Design and Innovation Strategy

GSM SI 839 (3 credits)

This class will examine how managers and leaders can create the conditions for innovation at the individual, team and organizational levels ? and how those conditions differ for startup and mature organizations. Managing innovation includes the generation of ideas; the integration of ideas into new product concepts; and the commercialization of ideas. While core strategy courses address the questions of what innovations to pursue and whether and when those innovations will bring value, this course addresses the question of how managers can create organizations to deliver innovations of value. Thus, the course will focus on the practices and processes that mangers need to put in place to enable organizations to execute on an innovation strategy. In doing so, students will evaluate how to balance the challenges of organizing, managing and leading innovation with the need to produce concrete, routine and expected outcomes within the organization. To be innovative, any new idea must resolve the innovation paradox ? introducing enough novelty to appeal to new markets while retaining enough familiarity to tap into existing behaviors. Because design and innovation are frequently inseparable in managing this paradox, the class will assess how design contributes to innovation in product, process and business models across industry sectors. The course will also consider the role that all sources of innovation play ? including communities, networks, brokers and other forms of open innovation. Students will be asked to reflect upon innovations that have been critical to their lives, and how these innovations were produced and gained market traction. Final group projects will explore how to ?rescue? innovations in trouble with turnaround teams.

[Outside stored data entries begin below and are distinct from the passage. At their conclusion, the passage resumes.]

(* Let $b\in L^m_{\mathrm{loc}}(\mathbb{R}^n)$, let $\mathcal{S}$ be a sparse family, $m$ a positive integer, $h\in\{0,\dots,m\}$, and $A$ a Young function. Then for every $x$, $$\mathcal{A}_{A,\mathcal{S}}^{m-h}(b,f)(x)\leq \sum_{Q\in \mathcal{S}} |b(x)-b_Q|^m \|f\|_{A,Q}\, \chi_Q(x) + \sum_{Q\in \mathcal{S}} \big\|f|b-b_Q|^m\big\|_{A,Q}\, \chi_Q(x),$$ where $\mathcal{A}_{A,\mathcal{S}}^{m-h}(b,f)(x)=\sum_{Q\in\mathcal{S}}|b(x)-b_Q|^{m-h}\,\big\|f|b-b_Q|^h\big\|_{A,Q}\chi_Q(x)$.
   Context: In $\mathbb{R}^n$; $b_Q=\frac1{|Q|}\int_Qb$; for a Young function $A$, $\|g\|_{A,Q}=\inf\{\lambda>0:\frac1{|Q|}\int_QA(|g|/\lambda)\le1\}$. A sparse family: cubes $Q$ with pairwise disjoint $E_Q\subset Q$, $|E_Q|\ge\eta|Q|$. *)

From HB Require Import structures.
From mathcomp Require Import all_boot all_order all_algebra.
From mathcomp Require Import all_classical all_reals all_analysis.
Set Implicit Arguments. Unset Strict Implicit. Unset Printing Implicit Defensive.
Import Order.TTheory GRing.Theory Num.Theory.
Import numFieldNormedType.Exports.
Local Open Scope classical_set_scope.
Local Open Scope ring_scope.

Section defs.
Context {R : realType} {n : nat}.

Notation pt := (n.-tuple R).

Definition box (a b : pt) : set pt :=
  [set x | forall i : 'I_n, tnth a i <= tnth x i < tnth b i].

(* mu is Lebesgue measure on R^n: it gives each box its volume.
   (This determines mu uniquely on the Borel sigma-algebra of R^n.) *)
Definition lebesgue_on_boxes (mu : {measure set pt -> \bar R}) : Prop :=
  forall a b : pt, (forall i, tnth a i <= tnth b i) ->
    mu (box a b) = (\prod_(i < n) (tnth b i - tnth a i))%:E.

Definition is_cube (Q : set pt) : Prop :=
  exists (a : pt) (l : R), 0 < l /\
    Q = [set x | forall i : 'I_n, tnth a i <= tnth x i < tnth a i + l].

Definition avg (mu : {measure set pt -> \bar R}) (Q : set pt) (b : pt -> R) : R :=
  (fine (mu Q))^-1 * fine (\int[mu]_(y in Q) (b y)%:E).

(* b in L^m_loc: measurable and |b|^m integrable on every cube
   (equivalently on every compact set) *)
Definition Lloc (mu : {measure set pt -> \bar R}) (m : nat) (b : pt -> R) : Prop :=
  measurable_fun setT b /\
  forall Q, is_cube Q -> (\int[mu]_(y in Q) (`|b y| ^+ m)%:E < +oo)%E.

Definition sparse (mu : {measure set pt -> \bar R}) (eta : R) (S : set (set pt)) : Prop :=
  0 < eta /\ (forall Q, S Q -> is_cube Q) /\
  exists E : set pt -> set pt,
    (forall Q, S Q -> measurable (E Q) /\ E Q `<=` Q /\ ((eta%:E * mu Q) <= mu (E Q))%E) /\
    (forall Q Q', S Q -> S Q' -> Q <> Q' -> E Q `&` E Q' = set0).

End defs.

Definition young {R : realType} (A : R -> R) : Prop :=
  A 0 = 0 /\
  (forall t, 0 <= t -> 0 <= A t) /\
  {within `[0, +oo[, continuous A} /\
  (forall s t, 0 <= s -> s <= t -> A s <= A t) /\
  (forall s t (l : R), 0 <= s -> 0 <= t -> 0 <= l -> l <= 1 ->
     A (l * s + (1 - l) * t) <= l * A s + (1 - l) * A t) /\
  (A t @[t --> +oo] --> +oo).

(* Luxemburg average ||g||_{A,Q} = inf {l > 0 : (1/|Q|) \int_Q A(|g|/l) <= 1}
   (= +oo if the set is empty). *)
Definition lux {R : realType} {n : nat} (mu : {measure set (n.-tuple R) -> \bar R})
  (A : R -> R) (Q : set (n.-tuple R)) (g : n.-tuple R -> R) : \bar R :=
  ereal_inf [set (l%:E)%E | l in
    [set l : R | 0 < l /\
      (((fine (mu Q))^-1)%:E * \int[mu]_(y in Q) (A (`|g y| / l))%:E <= 1)%E]].

From HB Require Import structures.
From mathcomp Require Import all_boot all_order all_algebra.
From mathcomp Require Import all_classical all_reals all_analysis.
From mathcomp Require Import measurable_realfun ring lra.
Import Order.TTheory GRing.Theory Num.Theory.
Set Implicit Arguments.
Unset Strict Implicit.
Unset Printing Implicit Defensive.

Local Open Scope classical_set_scope.
Local Open Scope ring_scope.

(* For x in Q put a = |b(x) - b_Q| and G = |b - b_Q|.  Comparing a with G gives
   a^(m-h) G^h <= a^m + G^m, hence a^(m-h) |f| G^h <= a^m |f| + |f| G^m pointwise.
   Convexity and monotonicity of A make the Luxemburg average obey
   ga ||w|| <= al ||u|| + be ||v|| whenever ga |w| <= al |u| + be |v| (all weights
   positive): admissible levels l1 for u and l2 for v yield the admissible level
   (al l1 + be l2) / ga for w.  Summing over Q in S gives the claim; besides the
   measurability of the cubes, b, f and A, no property of mu, S or b is used. *)

Lemma exprB_mul_le_exprD {R : realDomainType} (a g : R) (m h : nat) :
  0 <= a -> 0 <= g -> (h <= m)%N -> a ^+ (m - h) * g ^+ h <= a ^+ m + g ^+ m.
Proof.
move=> a0 g0 hm; have em : m = (m - h + h)%N by rewrite subnK.
have [ga|ag] := leP g a.
- apply: (@le_trans _ _ (a ^+ m)); last by rewrite lerDl exprn_ge0.
  by rewrite [in leRHS]em exprD ler_wpM2l ?exprn_ge0 // lerXn2r.
- apply: (@le_trans _ _ (g ^+ m)); last by rewrite lerDr exprn_ge0.
  by rewrite [in leRHS]em exprD ler_wpM2r ?exprn_ge0 // lerXn2r // ?nnegrE ltW.
Qed.

Lemma is_cube_measurable {R : realType} {n : nat} (Q : set (n.-tuple R)) :
  is_cube Q -> measurable Q.
Proof.
move=> [a [l [_ ->]]].
have -> : [set x : n.-tuple R | forall i, tnth a i <= tnth x i < tnth a i + l]
  = \bigcap_(i in [set: 'I_n]) ((fun x => tnth x i) @^-1` `[tnth a i, tnth a i + l[).
  apply/seteqP; split=> x /= Hx i; first by move=> _ /=; rewrite in_itv; exact: Hx.
  by have := Hx i I; rewrite /= in_itv.
apply: fin_bigcap_measurable => [|i _]; first exact: finite_finset.
by rewrite -[X in measurable X]setTI; apply: measurable_tnth => //; exact: measurable_itv.
Qed.

Lemma ge0_le_integral_comb d (T : measurableType d) (R : realType)
    (mu : {measure set T -> \bar R}) (D : set T) (F F1 F2 : T -> R) (a1 a2 : R) :
  measurable D -> measurable_fun D F -> measurable_fun D F1 -> measurable_fun D F2 ->
  (forall y, D y -> 0 <= F y) -> (forall y, D y -> 0 <= F1 y) ->
  (forall y, D y -> 0 <= F2 y) -> 0 <= a1 -> 0 <= a2 ->
  (forall y, D y -> F y <= a1 * F1 y + a2 * F2 y) ->
  (\int[mu]_(y in D) (F y)%:E
     <= a1%:E * \int[mu]_(y in D) (F1 y)%:E + a2%:E * \int[mu]_(y in D) (F2 y)%:E)%E.
Proof.
move=> mD mF mF1 mF2 F0 F10 F20 a10 a20 Fle.
have mEF (G : T -> R) : measurable_fun D G -> measurable_fun D (fun y => (G y)%:E).
  by move=> mG; apply/measurable_EFinP.
rewrite -!ge0_integralZl_EFin //; [|exact: mEF..].
rewrite -ge0_integralD //; last 4 first.
- by move=> y Dy; rewrite mule_ge0 // lee_fin F10.
- exact/measurable_funeM/mEF.
- by move=> y Dy; rewrite mule_ge0 // lee_fin F20.
- exact/measurable_funeM/mEF.
apply: ge0_le_integral => //.
- exact: mEF.
- by apply: emeasurable_funD; apply/measurable_funeM/mEF.
Qed.

Section luxemburg.
Variables (R : realType) (n : nat) (mu : {measure set (n.-tuple R) -> \bar R}).
Variable A : R -> R.
Hypothesis A_ge0 : forall t, 0 <= t -> 0 <= A t.
Hypothesis A_nondecreasing : forall s t, 0 <= s -> s <= t -> A s <= A t.
Hypothesis A_convex : forall s t l, 0 <= s -> 0 <= t -> 0 <= l -> l <= 1 ->
  A (l * s + (1 - l) * t) <= l * A s + (1 - l) * A t.
Hypothesis A_measurable : measurable_fun (`[0, +oo[%classic : set R) A.

Definition lux_admissible (Q : set (n.-tuple R)) (g : n.-tuple R -> R) (l : R) : Prop :=
  0 < l /\
  (((fine (mu Q))^-1)%:E * \int[mu]_(y in Q) (A (`|g y| / l))%:E <= 1)%E.

Lemma lux_ge0 Q g : (0 <= lux mu A Q g)%E.
Proof. by apply/ereal_infP => _ [l [l0 _] <-]; rewrite lee_fin ltW. Qed.

Lemma lux_le Q g l : lux_admissible Q g l -> (lux mu A Q g <= l%:E)%E.
Proof. by move=> Ql; apply: ereal_inf_lbound; exists l. Qed.

Lemma lux_fin_num Q g l : lux_admissible Q g l -> lux mu A Q g \is a fin_num.
Proof.
by move=> /lux_le Ql; rewrite ge0_fin_numE ?lux_ge0 // (le_lt_trans Ql) ?ltry.
Qed.

Lemma le_fine_lux Q g r : lux mu A Q g \is a fin_num ->
  (forall l, lux_admissible Q g l -> r <= l) -> r <= fine (lux mu A Q g).
Proof.
move=> fin_lux rl; rewrite -lee_fin fineK //.
by apply/ereal_infP => _ [l Ql <-]; rewrite lee_fin rl.
Qed.

Lemma lux_eqy Q g : (forall l, ~ lux_admissible Q g l) -> lux mu A Q g = +oo%E.
Proof.
move=> noQ; rewrite /lux.
have -> : [set l%:E | l in lux_admissible Q g] = set0 by rewrite -subset0 => ? [l /noQ].
exact: ereal_inf0.
Qed.

Lemma measurable_A_scaled (Q : set (n.-tuple R)) (g : n.-tuple R -> R) l : measurable Q ->
  measurable_fun Q g -> 0 < l -> measurable_fun Q (fun y => A (`|g y| / l)).
Proof.
move=> mQ mg l0; change (measurable_fun Q (A \o fun y => `|g y| / l)).
apply: (measurable_comp _ _ A_measurable).
- exact: measurable_itv.
- by move=> _ [y _ <-]; rewrite /= in_itv /= andbT divr_ge0 // ltW.
- by apply: measurable_funM => //; exact: measurableT_comp mg.
Qed.

(* The mediant is the convex combination of p / l1 and q / l2 with weights
   proportional to al * l1 and be * l2. *)
Lemma A_mediant_le (al be l1 l2 p q : R) : 0 < al -> 0 < be -> 0 < l1 -> 0 < l2 ->
  0 <= p -> 0 <= q ->
  A ((al * p + be * q) / (al * l1 + be * l2))
    <= al * l1 / (al * l1 + be * l2) * A (p / l1)
       + be * l2 / (al * l1 + be * l2) * A (q / l2).
Proof.
move=> al0 be0 l10 l20 p0 q0.
have s0 : 0 < al * l1 + be * l2 by rewrite addr_gt0 ?mulr_gt0.
set s := al * l1 + be * l2 in s0 *; set t := al * l1 / s.
have -> : be * l2 / s = 1 - t by rewrite /t /s; field; rewrite gt_eqF.
have -> : (al * p + be * q) / s = t * (p / l1) + (1 - t) * (q / l2).
  by rewrite /t /s; field; rewrite !gt_eqF.
have t_ge0 : 0 <= t by rewrite divr_ge0 ?mulr_ge0 ?ltW.
have t_le1 : t <= 1 by rewrite ler_pdivrMr // mul1r lerDl mulr_ge0 ?ltW.
by apply: A_convex; rewrite // divr_ge0 // ltW.
Qed.

Lemma lux_admissible_comb (Q : set (n.-tuple R)) (u v w : n.-tuple R -> R)
    (al be ga l1 l2 : R) :
  measurable Q -> measurable_fun Q u -> measurable_fun Q v -> measurable_fun Q w ->
  0 < al -> 0 < be -> 0 < ga ->
  (forall y, Q y -> ga * `|w y| <= al * `|u y| + be * `|v y|) ->
  lux_admissible Q u l1 -> lux_admissible Q v l2 ->
  lux_admissible Q w ((al * l1 + be * l2) / ga).
Proof.
move=> mQ mU mV mW al0 be0 ga0 w_le [l10 Qu] [l20 Qv].
have s0 : 0 < al * l1 + be * l2 by rewrite addr_gt0 ?mulr_gt0.
have sga0 : 0 < (al * l1 + be * l2) / ga by rewrite divr_gt0.
split=> //; set s := al * l1 + be * l2 in s0 sga0 *.
have c0 : 0 <= (fine (mu Q))^-1 by rewrite invr_ge0 fine_ge0 ?measure_ge0.
have Ag0 (g : n.-tuple R -> R) l y : 0 < l -> 0 <= A (`|g y| / l).
  by move=> l0; apply: A_ge0; rewrite divr_ge0 // ltW.
have t10 : 0 <= al * l1 / s by rewrite divr_ge0 ?mulr_ge0 ?ltW.
have t20 : 0 <= be * l2 / s by rewrite divr_ge0 ?mulr_ge0 ?ltW.
have A_w_le y : Q y -> A (`|w y| / (s / ga))
    <= al * l1 / s * A (`|u y| / l1) + be * l2 / s * A (`|v y| / l2).
  move=> Qy; apply: le_trans _ (A_mediant_le al0 be0 l10 l20
    (normr_ge0 (u y)) (normr_ge0 (v y))).
  have -> : `|w y| / (s / ga) = ga * `|w y| / s by field; rewrite !gt_eqF.
  apply: A_nondecreasing; first by rewrite divr_ge0 ?mulr_ge0 // ltW.
  by rewrite ler_pM2r ?invr_gt0 // w_le.
have := ge0_le_integral_comb mu mQ (measurable_A_scaled mQ mW sga0)
  (measurable_A_scaled mQ mU l10) (measurable_A_scaled mQ mV l20)
  (fun y _ => Ag0 w _ y sga0) (fun y _ => Ag0 u _ y l10) (fun y _ => Ag0 v _ y l20)
  t10 t20 A_w_le.
move=> /(lee_wpmul2l (c0 : (0 <= _%:E)%E)) /le_trans; apply.
rewrite ge0_muleDr ?mule_ge0 ?integral_ge0 //; [|by move=> y _; exact: Ag0..].
rewrite muleCA [X in (_ + X)%E]muleCA.
apply: le_trans (leeD (lee_wpmul2l _ Qu) (lee_wpmul2l _ Qv)) _; rewrite ?lee_fin //.
by rewrite !mulr1 -mulrDl divff ?gt_eqF.
Qed.

Lemma lux_comb (Q : set (n.-tuple R)) (u v w : n.-tuple R -> R) (al be ga : R) :
  measurable Q -> measurable_fun Q u -> measurable_fun Q v -> measurable_fun Q w ->
  0 < al -> 0 < be -> 0 < ga ->
  (forall y, Q y -> ga * `|w y| <= al * `|u y| + be * `|v y|) ->
  (ga%:E * lux mu A Q w <= al%:E * lux mu A Q u + be%:E * lux mu A Q v)%E.
Proof.
move=> mQ mU mV mW al0 be0 ga0 w_le.
have comb := lux_admissible_comb mQ mU mV mW al0 be0 ga0 w_le.
have lux_scaled_ge0 k g : 0 < k -> (0 <= k%:E * lux mu A Q g)%E.
  by move=> k0; rewrite mule_ge0 ?lux_ge0 // lee_fin ltW.
have [[l1 Qu]|noQu] := pselect (exists l, lux_admissible Q u l); last first.
  rewrite [lux _ _ _ u]lux_eqy => [|l Ql]; last exact: noQu (ex_intro _ l Ql).
  rewrite gt0_muley ?lte_fin //.
  exact: le_trans (leey _) (leeDl _ (lux_scaled_ge0 _ _ be0)).
have [[l2 Qv]|noQv] := pselect (exists l, lux_admissible Q v l); last first.
  rewrite [lux _ _ _ v]lux_eqy => [|l Ql]; last exact: noQv (ex_intro _ l Ql).
  rewrite gt0_muley ?lte_fin //.
  exact: le_trans (leey _) (leeDr _ (lux_scaled_ge0 _ _ al0)).
have fu := lux_fin_num Qu; have fv := lux_fin_num Qv.
have fw := lux_fin_num (comb _ _ Qu Qv).
rewrite -(fineK fu) -(fineK fv) -(fineK fw) -!EFinM -EFinD lee_fin.
set U := fine (lux mu A Q u); set V := fine (lux mu A Q v).
set W := fine (lux mu A Q w).
(* Take the infimum over l1, then over l2. *)
have W_le l1' l2' : lux_admissible Q u l1' -> lux_admissible Q v l2' ->
    ga * W <= al * l1' + be * l2'.
  move=> Qu' Qv'; rewrite mulrC -ler_pdivlMr // -lee_fin fineK //.
  exact: lux_le (comb _ _ Qu' Qv').
have U_ge l2' : lux_admissible Q v l2' -> (ga * W - be * l2') / al <= U.
  move=> Qv'; apply: le_fine_lux fu _ => l1' Qu'.
  by rewrite ler_pdivrMr //; have := W_le _ _ Qu' Qv'; lra.
have V_ge : (ga * W - al * U) / be <= V.
  apply: le_fine_lux fv _ => l2' Qv'.
  by have := U_ge _ Qv'; rewrite !ler_pdivrMr //; lra.
by move: V_ge; rewrite ler_pdivrMr //; lra.
Qed.

Lemma lux_mixed_power_le (Q : set (n.-tuple R)) (f b : n.-tuple R -> R) (c a : R)
    (m h : nat) :
  measurable Q -> measurable_fun Q f -> measurable_fun Q b -> 0 <= a -> (h <= m)%N ->
  ((a ^+ (m - h))%:E * lux mu A Q (fun y => (f y * `|b y - c| ^+ h)%R)
    <= (a ^+ m)%:E * lux mu A Q f + lux mu A Q (fun y => (f y * `|b y - c| ^+ m)%R))%E.
Proof.
move=> mQ mf mb a_ge0 hm.
have mg k : measurable_fun Q (fun y => f y * `|b y - c| ^+ k).
  apply: measurable_funM => //; apply/measurable_funX/measurableT_comp => //.
  exact: measurable_funB.
have [->|a_neq0] := eqVneq a 0.
  rewrite expr0n; case: eqP => [/eqP|_].
    rewrite subn_eq0 => mh; have -> : h = m by apply/eqP; rewrite eqn_leq hm.
    by rewrite mul1e lee_paddl // mule_ge0 ?lux_ge0.
  by rewrite mul0e adde_ge0 ?mule_ge0 ?lux_ge0 // lee_fin exprn_ge0.
have a_gt0 : 0 < a by rewrite lt_def a_neq0.
rewrite -[X in (_ <= _ + X)%E]mul1e.
apply: lux_comb; rewrite ?exprn_gt0 // => y _.
rewrite !normrM !normrX !normr_id mul1r mulrCA [a ^+ m * _]mulrC -mulrDr.
by rewrite ler_wpM2l //; apply: exprB_mul_le_exprD.
Qed.

End luxemburg.

Theorem lemma3p8 (R : realType) (n : nat)
  (mu : {measure set (n.-tuple R) -> \bar R}) (hmu : lebesgue_on_boxes mu)
  (eta : R) (S : set (set (n.-tuple R))) (hS : sparse mu eta S)
  (m h : nat) (hm : (0 < m)%N) (hh : (h <= m)%N)
  (A : R -> R) (hA : young A)
  (b f : n.-tuple R -> R) (hb : Lloc mu m b) (hf : measurable_fun setT f)
  (x : n.-tuple R) :
  (\esum_(Q in S)
      ((`|b x - avg mu Q b| ^+ (m - h))%R%:E
       * lux mu A Q (fun y => (f y * `|b y - avg mu Q b| ^+ h)%R)
       * (\1_Q x)%:E)
   <= \esum_(Q in S)
        ((`|b x - avg mu Q b| ^+ m)%R%:E * lux mu A Q f * (\1_Q x)%:E)
    + \esum_(Q in S)
        (lux mu A Q (fun y => (f y * `|b y - avg mu Q b| ^+ m)%R) * (\1_Q x)%:E))%E.
Proof.
have [_ [S_cube _]] := hS; have [mb _] := hb.
have [_ [A_ge0 [A_cont [A_nondecreasing [A_convex _]]]]] := hA.
have A_measurable := subspace_continuous_measurable_fun (measurable_itv _) A_cont.
rewrite -esumD => [|Q _|Q _]; last 2 first.
- by rewrite !mule_ge0 ?lee_fin ?exprn_ge0 ?lux_ge0.
- by rewrite mule_ge0 ?lux_ge0.
apply: le_esum => Q SQ; rewrite indicE.
have [xQ|_] := boolP (x \in Q); last by rewrite !mule0 adde0.
rewrite !mule1.
apply: (lux_mixed_power_le mu A_ge0 A_nondecreasing A_convex A_measurable) => //.
- exact: is_cube_measurable (S_cube Q SQ).
- exact: measurable_funTS.
- exact: measurable_funTS.
Qed.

Strategies for Environmental Sustainability

GSM SI 841 (3 credits)

Firms in many industries are facing new environmental challenges: these include meeting new regulatory requirements and demands from customers, heightened uncertainty about domestic and international environmental regulation, and intensifying demands for accountability and transparency regarding their environmental efforts and performance. How can managers capitalize on these challenges and turn them into opportunities to create value for their firm? This course focuses on understanding the impact of regulations, customer preferences, and changing industry dynamics that increase the pressure for environmental sustainability in order to evaluate and craft recommendations for firm strategy. This course also helps prepare managers to better understand how to engage these issues with stakeholders, including investors, regulators, and nongovernmental organizations, as well as customers and suppliers.

Real Estate Development

GSM SI 842 (3 credits)

The course provides a framework for evaluating the aspects underlying successful real estate development from concept and feasibility, through site control to regulatory review and construction. The course is taught utilizing class discussion, cases and outside speakers to reinforce the functional areas in the development process.

Technology Strategy

GSM SI 845 (3 credits)

Technology Strategy focuses on the interface between technological innovation and strategic management. This advanced strategy course covers the tools and concepts needed to understand how technological change creates new markets and new wealth; how technology-intensive industries differ from other industries; and the type of capabilities that technology-based firms need at different stages of their rapidly evolving industries. Some of the key topics covered include: platform dynamics and business models, standards wars, technology diffusion, technological discontinuities and disruptive innovation, models of industry evolution, dominant technological designs, complementary assets needed to profit from an innovation, and mechanisms to protect intellectual property. The course provides a rigorous treatment of the topics covered, combined with hands-on exercises and projects to help students apply the concepts to specific companies and technologies. Teaching methodology is a combination of interactive class discussions, online simulations, digital multimedia cases, paper-based cases, and guest speakers from industry. The course has been designed to provide students with a solid foundation of theories, tools, techniques and practices that will allow them to understand how to compete successfully in technology- intensive environments.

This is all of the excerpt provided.